Q2 '22 Earnings Preview

DHI Group, Inc. (DHX) reports Q2 ’22 results on Wednesday, August 3. Our estimates are largely in line with consensus, and we believe the company is poised to outperform Street expectations once more. Underpinning our confidence is the visibility provided by DHI Group’s robust bookings growth in recent quarters and continued tightness in the market for technology talent. Bookings growth for both Dice and ClearanceJobs has exceeded 30% in each of the past two quarters, providing ample support for anticipated revenue growth of over 20% in Q2 and FY ‘22. From a macro standpoint, data from the U.S. Bureau of Labor Statistics reflects a 21% Y/Y increase in job openings on average in the first two months of Q2 along with a 9% Y/Y increase in quits during that same period.

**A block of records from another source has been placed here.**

(* In the pure Call-by-Name $\lambda$-calculus with observation $\mathrm{obs}(M)={\downarrow}\{\omega(M)\}$ (as in the context), the parallel reduction $\rightsquigarrow_{pd}$ is an $\mathrm{obs}$-normalizing (multi-step) strategy for $\to_\beta$, and for every term $M$, $M\rightsquigarrow_{pd}^{\mathrm{obs}}\mathrm{BT}(M)$.
   Context: Pure $\lambda$-terms $M::=x\mid\lambda x.M\mid MM$; $\to_\beta$ is the closure of $(\lambda x.M)N\mapsto M\{N/x\}$ under all contexts. Head reduction $\to_h$ is the closure of $\beta$ under head contexts $H::=[\,]\mid\lambda x.H\mid HM$. Parallel reduction $\rightsquigarrow_{pd}$: if $M\to_hM'$ then $M\rightsquigarrow_{pd}M'$; if $M$ is $\beta$-normal then $M\rightsquigarrow_{pd}M$; otherwise ($M$ $\to_h$-normal but not $\beta$-normal) $\lambda x.P\rightsquigarrow_{pd}\lambda x.P'$ if $P\rightsquigarrow_{pd}P'$, and $P_1P_2\rightsquigarrow_{pd}P_1'P_2'$ if $P_1\rightsquigarrow_{pd}P_1'$ and $P_2\rightsquigarrow_{pd}P_2'$. Partial terms $P::=\Omega\mid x\mid PP\mid\lambda x.P$, preordered by the least reflexive-transitive relation $\le$ with $\Omega\le P$, $P_1P_2\le P_1'P_2'$ if $P_i\le P_i'$, $\lambda x.P\le\lambda x.P'$ if $P\le P'$. $\mathrm{PNF}$: $\Omega\in\mathrm{PNF}$, and $\lambda x_1\dots x_n.xA_1\dots A_m\in\mathrm{PNF}$ if all $A_i\in\mathrm{PNF}$. $\omega(M)=\Omega$ if $M$ is not a head normal form (a term $\lambda\vec x.xM_1\dots M_p$), and $\omega(\lambda\vec x.xM_1\dots M_p)=\lambda\vec x.x\,\omega(M_1)\dots\omega(M_p)$. ${\downarrow}\mathcal S=\{Q\in\mathrm{PNF}\mid Q\le S\text{ for some }S\in\mathcal S\}$; $\mathrm{BT}(M)=\bigcup_{M\to_\beta^*N}{\downarrow}\{\omega(N)\}$. $\mathrm{obs}$ takes values in the ideal completion of $\mathrm{PNF}$ (ordered by inclusion, suprema of chains are unions). For a relation $R$, $M\,R^{\mathrm{obs}}\,\mathbf r$ means there is a maximal $R$-sequence $(M_n)_n$ from $M$ (infinite, or finite ending in an $R$-normal term then continued constantly) with $\bigcup_n\mathrm{obs}(M_n)=\mathbf r$; $\mathrm{Lim}(M,R)$ is the set of such $\mathbf r$. A relation $R'$ is $\mathrm{obs}$-normalizing for $R$ if it is asymptotically complete (for all $M$, $M R^{\mathrm{obs}}\mathbf q$ implies $M R'^{\mathrm{obs}}\mathbf p$ for some $\mathbf p\supseteq\mathbf q$) and asymptotically uniform (for all $M$, every element of $\mathrm{Lim}(M,R')$ is maximal in $\mathrm{Lim}(M,R')$). *)

From Stdlib Require Import Arith Relations.

Inductive term : Type :=
| Var : nat -> term
| Lam : term -> term
| App : term -> term -> term.

Fixpoint lift (n c : nat) (t : term) : term :=
  match t with
  | Var i => if Nat.leb c i then Var (i + n) else Var i
  | Lam t' => Lam (lift n (S c) t')
  | App t1 t2 => App (lift n c t1) (lift n c t2)
  end.

Fixpoint subst (k : nat) (u : term) (t : term) : term :=
  match t with
  | Var i => if Nat.eqb i k then lift k 0 u
             else if Nat.ltb k i then Var (pred i) else Var i
  | Lam t' => Lam (subst (S k) u t')
  | App t1 t2 => App (subst k u t1) (subst k u t2)
  end.

Inductive beta : term -> term -> Prop :=
| beta_root : forall M N, beta (App (Lam M) N) (subst 0 N M)
| beta_lam : forall M M', beta M M' -> beta (Lam M) (Lam M')
| beta_appl : forall M M' N, beta M M' -> beta (App M N) (App M' N)
| beta_appr : forall M N N', beta N N' -> beta (App M N) (App M N').

Inductive hred : term -> term -> Prop :=
| hred_root : forall M N, hred (App (Lam M) N) (subst 0 N M)
| hred_lam : forall M M', hred M M' -> hred (Lam M) (Lam M')
| hred_appl : forall M M' N, hred M M' -> hred (App M N) (App M' N).

Definition normal (R : term -> term -> Prop) (M : term) : Prop :=
  ~ exists N, R M N.

Inductive pd : term -> term -> Prop :=
| pd_head : forall M M', hred M M' -> pd M M'
| pd_nf : forall M, normal beta M -> pd M M
| pd_lam : forall P P',
    normal hred (Lam P) -> ~ normal beta (Lam P) ->
    pd P P' -> pd (Lam P) (Lam P')
| pd_app : forall P1 P2 P1' P2',
    normal hred (App P1 P2) -> ~ normal beta (App P1 P2) ->
    pd P1 P1' -> pd P2 P2' -> pd (App P1 P2) (App P1' P2').

Inductive pterm : Type :=
| POmega : pterm
| PVar : nat -> pterm
| PApp : pterm -> pterm -> pterm
| PLam : pterm -> pterm.

Inductive ple : pterm -> pterm -> Prop :=
| ple_refl : forall P, ple P P
| ple_trans : forall P Q S, ple P Q -> ple Q S -> ple P S
| ple_omega : forall P, ple POmega P
| ple_app : forall P1 P2 P1' P2', ple P1 P1' -> ple P2 P2' ->
    ple (PApp P1 P2) (PApp P1' P2')
| ple_lam : forall P P', ple P P' -> ple (PLam P) (PLam P').

(* PNF: Omega, and \x1..xn. x A1 .. Am with all Ai in PNF *)
Inductive pnf_neutral : pterm -> Prop :=
| pn_var : forall x, pnf_neutral (PVar x)
| pn_app : forall P A, pnf_neutral P -> pnf P -> pnf_neutral (PApp P A)
with pnf_lams : pterm -> Prop :=
| pl_base : forall P, pnf_neutral P -> pnf_lams P
| pl_lam : forall P, pnf_lams P -> pnf_lams (PLam P)
with pnf : pterm -> Prop :=
| pnf_omega : pnf POmega
| pnf_hnf : forall P, pnf_lams P -> pnf P.

Fixpoint is_neutral (M : term) : bool :=
  match M with
  | Var _ => true
  | App M1 _ => is_neutral M1
  | Lam _ => false
  end.

Fixpoint is_hnf (M : term) : bool :=
  match M with
  | Lam M' => is_hnf M'
  | _ => is_neutral M
  end.

Fixpoint omega (M : term) : pterm :=
  match M with
  | Var x => PVar x
  | App M1 M2 => if is_neutral M1 then PApp (omega M1) (omega M2) else POmega
  | Lam M' => if is_hnf M' then PLam (omega M') else POmega
  end.

Definition pset := pterm -> Prop.

Definition subset (p q : pset) : Prop := forall Q, p Q -> q Q.

Definition obs (M : term) : pset := fun Q => pnf Q /\ ple Q (omega M).

Definition BT (M : term) : pset :=
  fun Q => exists N, clos_refl_trans term beta M N /\ pnf Q /\ ple Q (omega N).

Within the tech sector specifically, CompTIA reported a 62% Y/Y increase in new job postings in June, and an unemployment rate of just 1.8%. All this to say that despite an uptick in economic uncertainty of late, key leading indicators for DHI Group’s business remain positive. Indeed, we would not be surprised to see an upward revision to guidance.

Exhibit I: Our Estimates Versus Consensus

Sources: K. Liu & Company LLC; IBES Estimates

For Q2, we project revenues of $35.6 million (+24% Y/Y), comprised of $25.4 million (+23% Y/Y) from Dice and $10.2 million (+26% Y/Y) from ClearanceJobs. We expect high-teens bookings growth across both platforms to be driven by new recruitment package customers, and we model Dice and ClearanceJobs bookings of $24.0 million and $9.0 million, respectively. Our adjusted EBITDA estimate of $7.1 million (20.0% margin) is relatively flat from the prior and year-ago periods, reflecting higher sales and marketing expenses as management reinvests for growth.

Looking forward, we anticipate Q3 revenue guidance at least in line with our estimate and consensus. For FY ‘22, we see potential for a slight upward revision on the top line and assume management will reaffirm its guidance for an adjusted EBITDA margin of approximately 20%. In our view, shares of DHX have been unduly punished by negative headlines pertaining to workforce actions at several large technology companies, creating a compelling buying opportunity. We remind investors that DHI Group’s growth is still largely levered to staffing firms, which are benefiting from the tight labor market, and enterprises outside of the technology sector seeking technical talent. Our price target remains $8.50, representing a FY ’22 EV/Sales multiple of 3x.

Exhibit II: U.S. Job Openings in Thousands

Source: U.S. Bureau of Labor Statistics Job Openings and Labor Turnover Survey

Exhibit III: U.S. Quits in Thousands

Source: U.S. Bureau of Labor Statistics Job Openings and Labor Turnover Survey

Our report with model and disclosures is available here.

Disclosures:K. Liu & Company LLC (“the firm”) receives or intends to seek compensation from the companies covered in its research reports. The firm has received compensation from DHI Group, Inc. (DHX) in the past 12 months for “Sponsored Research.”

Sponsored Research produced by the firm is paid for by the subject company in the form of an initial retainer and a recurring monthly fee. The analysis and recommendations in our Sponsored Research reports are derived from the same process and methodologies utilized in all of our research reports whether sponsored or not. The subject company does not review any aspect of our Sponsored Research reports prior to publication.